Ощущаю, как он одинок в своих муках. "Боже!" Сердце вот-вот разорвется. Прижимаю дрожащее тельце к груди, от отчаяния "завожу"… "перепелочку" – ту, что когда-то пел мне отец:
"А у перапелачки грудка болит.
А у перапелачки грудка болит.
Ты ж мая, ты ж мая, перапелачка!
Ты ж мая, ты ж мая, невяликая!"
Не перепелочка, – именно "перапелачка", именно, "невяликая", именно "мая" – этого требует лекарское заклинание.
В наивных строках подробно перечисляются все больные места. В нежной мелодии, порожденной любовью, – страшная сила… И я слышу, как выравнивается дыхание крохи. Он делает вдох, потягивается и, зевнув, наконец, засыпает у меня на груди.
Я не знаю, как это можно назвать. В нас еще масса каких-то нерасшифрованных доморощенных тайн и способностей.
VI. Приглашение к исповеди
1.
Как только уходит усталость, жизнь начинается снова. Но что-то мешает к ней относиться серьезно. Серьезна лишь боль – в любых проявлениях.
Женщины живут дольше, но и мучаются больше мужчин. Для женщины боль – величественная сторона бытия. Потому они – и серьезнее, и терпеливее, и основательнее, представителей сильного пола.
Сегодня предпоследний день в Лондоне. Мы отправились на знаменитую Оксфрд Стрит делать покупки. Мы – это я и две приятные дамы из нашей группы. У обеих – взрослые дети. Ростом обе выше меня. Спасибо, что не на много: у высоких – широкий шаг за ними – трудно угнаться, и приходиться смешно семенить.
Они просили переводить в магазине с английского. Но какой из меня переводчик!? Ища себе свитерок – убедился, что на практике (интуитивно) они понимают язык куда лучше меня.
Женщины – чудо создания. Для простоты буду звать их "светленькая" и "темненькая".
Мы оказались хорошей компанией – нам было весело.
Я никогда раньше не был в восторге от собственной внешности. Но с некоторых пор, время с особым усердием занялось моею персоной. Как будто ему доставляло садистское удовольствие выщипывать волосинки на черепе одну за другой, выращивая, при этом, настоящие заросли в носу и ушах, растягивать щеки, чтобы висели мешками, врезать отвратительные морщины на лбу и у рта, иными словами, делать все, чтобы я ненавидел препротивную рожу, выглядывавшую на меня из зеркал.

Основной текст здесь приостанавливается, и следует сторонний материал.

(* Let $\mathcal{A}$ be a pOC with state set $Q$ whose underlying chain $\mathcal{X}$ is strongly connected, with trend $t>0$, and assume $[p{\downarrow}]>0$ for all $p\in Q$. Let $v$ be a potential, $|v|=v_{\max}-v_{\min}$, and let $p\in Q$ satisfy $v_p=v_{\max}$. Then $$[p{\uparrow}]\ge\frac{t^3}{12(2|v|+4)^3}.$$
   Context: A pOC is $\mathcal{A}=(Q,\delta^{=0},\delta^{>0},P^{=0},P^{>0})$ with the following components. - $\delta^{>0}\subseteq Q\times\{-1,0,1\}\times Q$ are the positive rules and $\delta^{=0}\subseteq Q\times\{0,1\}\times Q$ are the zero rules. Every state has both kinds of outgoing rule. - $P^{>0}$ and $P^{=0}$ are positive probability distributions over the outgoing rules of each state. $\mathcal{M}_\mathcal{A}$ is the Markov chain on configurations $p(i)$ with the following transitions: - $p(0)\to q(c)$ with probability $P^{=0}(p,c,q)$; - for $i\ge1$, $p(i)\to q(i+c)$ with probability $P^{>0}(p,c,q)$. $[p{\uparrow}]$ is the probability that a run from $p(1)$ never reaches counter value zero, and $[p{\downarrow}]=1-[p{\uparrow}]$. $\mathcal{X}$ is the finite Markov chain on $Q$ with transition matrix $A_{pq}=\sum_cP^{>0}(p,c,q)$. With $\alpha$ its invariant distribution and $s_p=\sum_{(p,c,q)\in\delta^{>0}}P^{>0}(p,c,q)c$, the trend is $t=\alpha s$. A potential is $v\in\mathbb{R}^Q$ with $s+Av=v+\mathbf{1}t$. $v_{\max}$ and $v_{\min}$ are its largest and smallest components. *)

From HB Require Import structures.
From mathcomp Require Import all_boot all_order all_algebra.
From mathcomp Require Import boolp classical_sets reals.
Set Implicit Arguments. Unset Strict Implicit. Unset Printing Implicit Defensive.
Import Order.TTheory GRing.Theory Num.Theory.
Local Open Scope ring_scope.

(* Counter updates c in {-1,0,1} are encoded by k : 'I_3 with c = k - 1. *)
Definition upd (k : 'I_3) : int := (k%:Z - 1)%R.

(* A probabilistic one-counter automaton over the finite state set Q.
   Ppos p k q = P^{>0}(p, upd k, q)  (0 if the rule is absent),
   Pzero p k q = P^{=0}(p, upd k, q) (zero rules have c in {0,1}). *)
Record pOC (R : realType) (Q : finType) := POC {
  Ppos : Q -> 'I_3 -> Q -> R;
  Pzero : Q -> 'I_3 -> Q -> R;
  Ppos_ge0 : forall p k q, 0 <= Ppos p k q;
  Pzero_ge0 : forall p k q, 0 <= Pzero p k q;
  Ppos_sum1 : forall p, \sum_(k : 'I_3) \sum_(q : Q) Ppos p k q = 1;
  Pzero_sum1 : forall p, \sum_(k : 'I_3) \sum_(q : Q) Pzero p k q = 1;
  Pzero_nodec : forall p q, Pzero p ord0 q = 0
}.

Section Defs.
Variables (R : realType) (Q : finType) (A : pOC R Q).

(* Probability, in M_A, that a run from p(i) with i >= 1 visits counter value 0
   within n steps (for i = 0 it is 1).  Only positive rules are used before
   the first visit to 0. *)
Fixpoint hit (n : nat) (p : Q) (i : nat) : R :=
  if i == 0%N then 1 else
  match n with
  | 0%N => 0
  | n'.+1 => \sum_(k : 'I_3) \sum_(q : Q) Ppos A p k q * hit n' q (i + k - 1)%N
  end.

(* [p down]: probability that a run from p(1) ever reaches counter value 0
   (the supremum of the nondecreasing sequence of finite-horizon probabilities). *)
Definition pdown (p : Q) : R := sup (range (fun n => hit n p 1%N)).
Definition pup (p : Q) : R := 1 - pdown p.

Definition Amat (p q : Q) : R := \sum_(k : 'I_3) Ppos A p k q.
Definition sdrift (p : Q) : R :=
  \sum_(k : 'I_3) \sum_(q : Q) Ppos A p k q * (upd k)%:~R.

Definition strongly_connected : Prop :=
  forall p q, connect (fun x y => 0 < Amat x y) p q.

Definition invariant_distribution (alpha : Q -> R) : Prop :=
  (forall p, 0 <= alpha p) /\ \sum_p alpha p = 1 /\
  (forall q, \sum_p alpha p * Amat p q = alpha q).

Definition trend (alpha : Q -> R) : R := \sum_p alpha p * sdrift p.

Definition potential (t : R) (v : Q -> R) : Prop :=
  forall p, sdrift p + \sum_q Amat p q * v q = v p + t.

End Defs.

Definition vmax (R : realType) (Q : finType) (x0 : Q) (v : Q -> R) : R :=
  \big[Num.max/v x0]_(q : Q) v q.
Definition vmin (R : realType) (Q : finType) (x0 : Q) (v : Q -> R) : R :=
  \big[Num.min/v x0]_(q : Q) v q.

From HB Require Import structures.
From mathcomp Require Import all_boot all_order all_algebra.
From mathcomp Require Import boolp classical_sets reals.
From mathcomp Require Import sequences exp.
From mathcomp Require Import ring lra.
Import Order.TTheory GRing.Theory Num.Theory.
Local Open Scope ring_scope.

(* Take [lam = t / (2 (1 + |v|)^2)].  While the counter is positive,
   [exp (- lam (i + v_q))] is a supermartingale along the run from [q(i)]: a
   step changes [i + v_q] by an increment of mean [t] (this is the potential
   equation) and modulus at most [1 + |v|], and [exp x <= 1 + x + 2 x^2] for
   [x <= 1/2].  The process is at least 1 once the counter is 0, so every
   finite-horizon probability of reaching 0 from [p(1)] is at most
   [exp (- lam (1 + v_p - v_max)) = exp (- lam)].  Hence
   [[p up] >= 1 - exp (- lam) >= lam / (1 + lam)], which [t <= 1] turns into
   the cubic bound. *)

Lemma expR_le_quadratic {R : realType} (x : R) :
  x <= 1/2 -> expR x <= 1 + x + 2 * x ^+ 2.
Proof.
move=> x_le.
have xexp_le1 : (1 - x) * expR x <= 1.
  have := ler_wpM2r (expR_ge0 x) (expR_ge1Dx (- x)).
  by rewrite expRN mulVf ?gt_eqF ?expR_gt0 // addrC.
have quad_ge1 : 1 <= (1 - x) * (1 + x + 2 * x ^+ 2).
  have : 0 <= x ^+ 2 * (1 - 2 * x) by rewrite mulr_ge0 ?sqr_ge0 //; lra.
  nra.
have := expR_gt0 x; nra.
Qed.

Lemma expR_Nmul_le_quadratic {R : realType} (lam N D : R) :
  0 <= lam -> lam * N <= 1/2 -> `|D| <= N ->
  expR (- lam * D) <= 1 + 2 * lam ^+ 2 * N ^+ 2 + (- lam) * D.
Proof.
move=> lam_ge0 lamN_le /ler_normlP[DN_ge ND_ge].
have x_le : - lam * D <= 1/2 by nra.
have ND_ge0 : 0 <= N - D by lra.
have DN_ge0 : 0 <= N + D by lra.
have DN2_ge0 := mulr_ge0 (sqr_ge0 lam) (mulr_ge0 ND_ge0 DN_ge0).
by apply: (le_trans (expR_le_quadratic _ x_le)); nra.
Qed.

Lemma ratio_le_onem_expRN {R : realType} (x : R) :
  0 <= x -> x / (1 + x) <= 1 - expR (- x).
Proof.
move=> x_ge0; have Dx_gt0 : 0 < 1 + x by lra.
have : expR (- x) * (1 + x) <= 1.
  have := ler_wpM2l (expR_ge0 (- x)) (expR_ge1Dx x).
  by rewrite -expRD addNr expR0.
rewrite ler_pdivrMr //; lra.
Qed.

Lemma cube_div_le_ratio {R : realType} {t M lam : R} : 0 < t <= 1 -> 0 <= M ->
  lam = t / (2 * (1 + M) ^+ 2) ->
  t ^+ 3 / (12 * (2 * M + 4) ^+ 3) <= lam / (1 + lam).
Proof.
move=> /andP[t_gt0 t_le1] M_ge0 lam_def.
have N2_gt0 : 0 < 2 * (1 + M) ^+ 2 by nra.
have lam_gt0 : 0 < lam by rewrite lam_def divr_gt0.
have lamE : lam * (2 * (1 + M) ^+ 2) = t by rewrite lam_def divfK ?gt_eqF.
have lam_le : lam <= 1/2 by nra.
have K_gt0 : 0 < 12 * (2 * M + 4) ^+ 3 by rewrite mulr_gt0 ?exprn_gt0 //; lra.
rewrite ler_pdivrMr // mulrAC ler_pdivlMr; last lra.
have N2_le : (1 + M) ^+ 2 <= (2 * M + 4) ^+ 3.
  have : (1 + M) ^+ 2 <= (2 * M + 4) ^+ 2 by rewrite ler_sqr ?nnegrE; lra.
  have := sqr_ge0 (2 * M + 4); rewrite exprS; nra.
have : t ^+ 3 <= t by nra.
nra.
Qed.

Lemma normr_upd (R : realDomainType) (k : 'I_3) : `|(upd k)%:~R : R| <= 1.
Proof. by case: k => [[|[|[|//]]] ?]; rewrite /upd /= ?normrN ?normr1 ?normr0. Qed.

Section ExponentialBound.
Context {R : realType} {Q : finType} (A : pOC R Q).

Lemma sdrift_le1 q : sdrift A q <= 1.
Proof.
rewrite /sdrift -[leRHS](Ppos_sum1 A q); apply: ler_sum => k _; apply: ler_sum => q' _.
rewrite -[leRHS]mulr1 ler_wpM2l ?Ppos_ge0 //.
exact: le_trans (ler_norm _) (normr_upd R k).
Qed.

Lemma trend_le1 {alpha} : invariant_distribution A alpha -> trend A alpha <= 1.
Proof.
move=> [alpha_ge0 [alpha_sum1 _]]; rewrite /trend -alpha_sum1.
by apply: ler_sum => q _; rewrite -[leRHS]mulr1 ler_wpM2l ?sdrift_le1.
Qed.

Lemma sum_Ppos_affine q (a b : R) (f : 'I_3 -> Q -> R) :
  \sum_k \sum_q' Ppos A q k q' * (a + b * f k q') =
  a + b * \sum_k \sum_q' Ppos A q k q' * f k q'.
Proof.
under eq_bigr => k _ do under eq_bigr => q' _ do rewrite mulrDr mulrCA.
under eq_bigr => k _ do rewrite big_split /= -mulr_suml -mulr_sumr.
by rewrite big_split /= -mulr_suml -mulr_sumr Ppos_sum1 mul1r.
Qed.

Definition increment (v : Q -> R) q k q' : R := (upd k)%:~R + v q' - v q.

Lemma mean_increment {t v} q : potential A t v ->
  \sum_k \sum_q' Ppos A q k q' * increment v q k q' = t.
Proof.
move=> potv.
have incrE k q' : increment v q k q' = - v q + 1 * ((upd k)%:~R + v q').
  by rewrite /increment mul1r addrC.
under eq_bigr => k _ do under eq_bigr => q' _ do rewrite incrE.
rewrite sum_Ppos_affine mul1r.
have -> : \sum_k \sum_q' Ppos A q k q' * ((upd k)%:~R + v q') =
    sdrift A q + \sum_q' Amat A q q' * v q'.
  under eq_bigr => k _ do rewrite (eq_bigr _ (fun q' _ => mulrDr _ _ _)) big_split.
  rewrite big_split /=; congr (_ + _); rewrite exchange_big /=.
  by apply: eq_bigr => q' _; rewrite mulr_suml.
by rewrite potv addKr.
Qed.

Lemma normr_increment_le {v} {lo hi : R} :
  (forall q, lo <= v q) -> (forall q, v q <= hi) ->
  forall q k q', `|increment v q k q'| <= 1 + (hi - lo).
Proof.
move=> lo_le le_hi q k q'; have := normr_upd R k.
have := lo_le q; have := lo_le q'; have := le_hi q; have := le_hi q'.
rewrite !ler_norml /increment; lra.
Qed.

Definition exp_supermartingale (lam : R) (v : Q -> R) : Prop :=
  forall q, \sum_k \sum_q' Ppos A q k q' * expR (- lam * increment v q k q') <= 1.

Lemma exp_supermartingale_of_potential {t v} {lam N : R} :
  potential A t v -> 0 <= lam -> lam * N <= 1/2 -> 2 * lam * N ^+ 2 <= t ->
  (forall q k q', `|increment v q k q'| <= N) -> exp_supermartingale lam v.
Proof.
move=> potv lam_ge0 lamN_le lamN2_le incr_le q.
pose c := 2 * lam ^+ 2 * N ^+ 2.
apply: (@le_trans _ _ (\sum_k \sum_q' Ppos A q k q' *
    (1 + c + (- lam) * increment v q k q'))).
  apply: ler_sum => k _; apply: ler_sum => q' _.
  by rewrite ler_wpM2l ?Ppos_ge0 //; exact: expR_Nmul_le_quadratic.
rewrite sum_Ppos_affine (mean_increment q potv) /c; nra.
Qed.

Lemma hit_le_expR {lam v} {m : R} : exp_supermartingale lam v -> 0 <= lam ->
  (forall q, v q <= m) ->
  forall n q i, hit A n q i <= expR (- lam * (i%:R + v q - m)).
Proof.
move=> super lam_ge0 v_le.
have at0 q : 1 <= expR (- lam * (0%:R + v q - m)).
  rewrite -expR0 ler_expR add0r mulNr -mulrN opprB.
  by rewrite mulr_ge0 // subr_ge0.
elim=> [|n IH] q [|i] /=; rewrite ?at0 ?expR_ge0 //.
set f := expR _.
have step (k : 'I_3) q' : expR (- lam * ((i.+1 + k - 1)%N%:R + v q' - m)) =
    f * expR (- lam * increment v q k q').
  rewrite -expRD -mulrDr /increment subn1 addSn /= natrD mulrSr /upd.
  by rewrite rmorphB /=; congr (expR (_ * _)); lra.
apply: (@le_trans _ _ (f * \sum_k \sum_q' Ppos A q k q' *
    expR (- lam * increment v q k q'))).
  rewrite mulr_sumr; apply: ler_sum => k _.
  rewrite mulr_sumr; apply: ler_sum => q' _.
  by rewrite mulrCA -step ler_wpM2l ?Ppos_ge0.
by rewrite -[leRHS]mulr1 ler_wpM2l ?expR_ge0.
Qed.

Lemma pdown_le_expR {lam v} {m : R} : exp_supermartingale lam v -> 0 <= lam ->
  (forall q, v q <= m) -> forall q, pdown A q <= expR (- lam * (1 + v q - m)).
Proof.
move=> super lam_ge0 v_le q; apply: ge_sup; first by exists (hit A 0 q 1), 0%N.
by move=> _ [n _ <-]; exact: hit_le_expR.
Qed.
End ExponentialBound.

Theorem mainTheorem16 (R : realType) (Q : finType) (A : pOC R Q)
  (alpha : Q -> R) (v : Q -> R) (p : Q) :
  strongly_connected A ->
  invariant_distribution A alpha ->
  0 < trend A alpha ->
  (forall q, 0 < pdown A q) ->
  potential A (trend A alpha) v ->
  v p = vmax p v ->
  pup A p >= (trend A alpha) ^+ 3 /
              (12 * (2 * (vmax p v - vmin p v) + 4) ^+ 3).
Proof.
move=> _ alphaP t_gt0 _ potv vp_max.
have t_le1 := trend_le1 A alphaP.
set t := trend A alpha in t_gt0 t_le1 potv *.
have v_le q : v q <= vmax p v by rewrite /vmax; exact: le_bigmax.
have v_ge q : vmin p v <= v q by rewrite /vmin; exact: bigmin_le.
set M := vmax p v - vmin p v.
have M_ge0 : 0 <= M by have := v_le p; have := v_ge p; rewrite /M; lra.
pose lam := t / (2 * (1 + M) ^+ 2).
have lamE : 2 * lam * (1 + M) ^+ 2 = t.
  rewrite /lam; field; rewrite paddr_eq0 ?oner_eq0 //; lra.
have lam_ge0 : 0 <= lam by rewrite divr_ge0 ?ltW //; nra.
have super : exp_supermartingale A lam v.
  have lamN_le : lam * (1 + M) <= 1/2.
    have := mulr_ge0 (mulr_ge0 lam_ge0 (addr_ge0 ler01 M_ge0)) M_ge0; nra.
  apply: (exp_supermartingale_of_potential A potv lam_ge0 lamN_le _
           (normr_increment_le v_ge v_le)).
  by rewrite lamE.
have pdown_le : pdown A p <= expR (- lam).
  by have := pdown_le_expR A super lam_ge0 v_le p; rewrite vp_max addrK mulr1.
have t_bounds : 0 < t <= 1 by rewrite t_gt0.
apply: le_trans (cube_div_le_ratio t_bounds M_ge0 (erefl lam)) _.
exact: le_trans (ratio_le_onem_expRN _ lam_ge0) (lerB (lexx 1) pdown_le).
Qed.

Бывает красивая благообразная старость. А бывает такая, что удивляет, как окружающие могут такое терпеть. И хочется плюнуть в лицо. А еще: почему сознающегося в своем безобразии, называют кокеткой? Это не справедливо!
Последняя надежда старичков – синдром аленького цветочка. Помните в сказке, заколдованное чудовище с обаятельным голосом?
Суть в разительном несовпадении зрительного и слухового восприятия. Так пусть эта мысль обольщает, помогая мириться со старостью.
Выбравшись из подземки, какое-то время мы порхали по Оксфорд Стрит, о которой я упоминал. Здесь мало проспектов, но много улиц типа московских Петровок, Дмитровок или Неглинных.
Паутина нешироких улиц не дает поднять головы, оглядеться.
Ты погружаешься в город, становишься его пленником, пока не натыкаешься на площадь, набережную или парк, где можно "расслабиться".
Хотя у британцев есть глагол "отдыхать" (to rest), из-за ущербности его стараются избегать: в нем нет ответа на фундаментальный вопрос, "с какой целью?"
Англичанину – ближе понятие (to relax) – "расслабиться", прямо указываующее на результат действия. То же – со словом "кушать" (to eat).
Вспомните Винни-пуха: "Не пора ли нам подкрепиться?". Слово "refresh" – "освежиться", "подкрепиться" – непосредственно информирует о результатах процесса обмена веществ: подкрепление запасов энергии, освежение и обновление сил. Так фундаментальность господствующего образа мыслей сказывается на языке.
Наконец, мы "впорхнули" в роскошный универмаг (второй или третий дом от подземки на запад по северной стороне Оксфорд Стрит).
Овальный атриум напоминал чрево гигантской рыбины, куда однажды занесло Гулливера с товарищами. Эскалаторы вели вверх к опоясывающим атриум галереям. От них во все стороны разбегались торговые залы.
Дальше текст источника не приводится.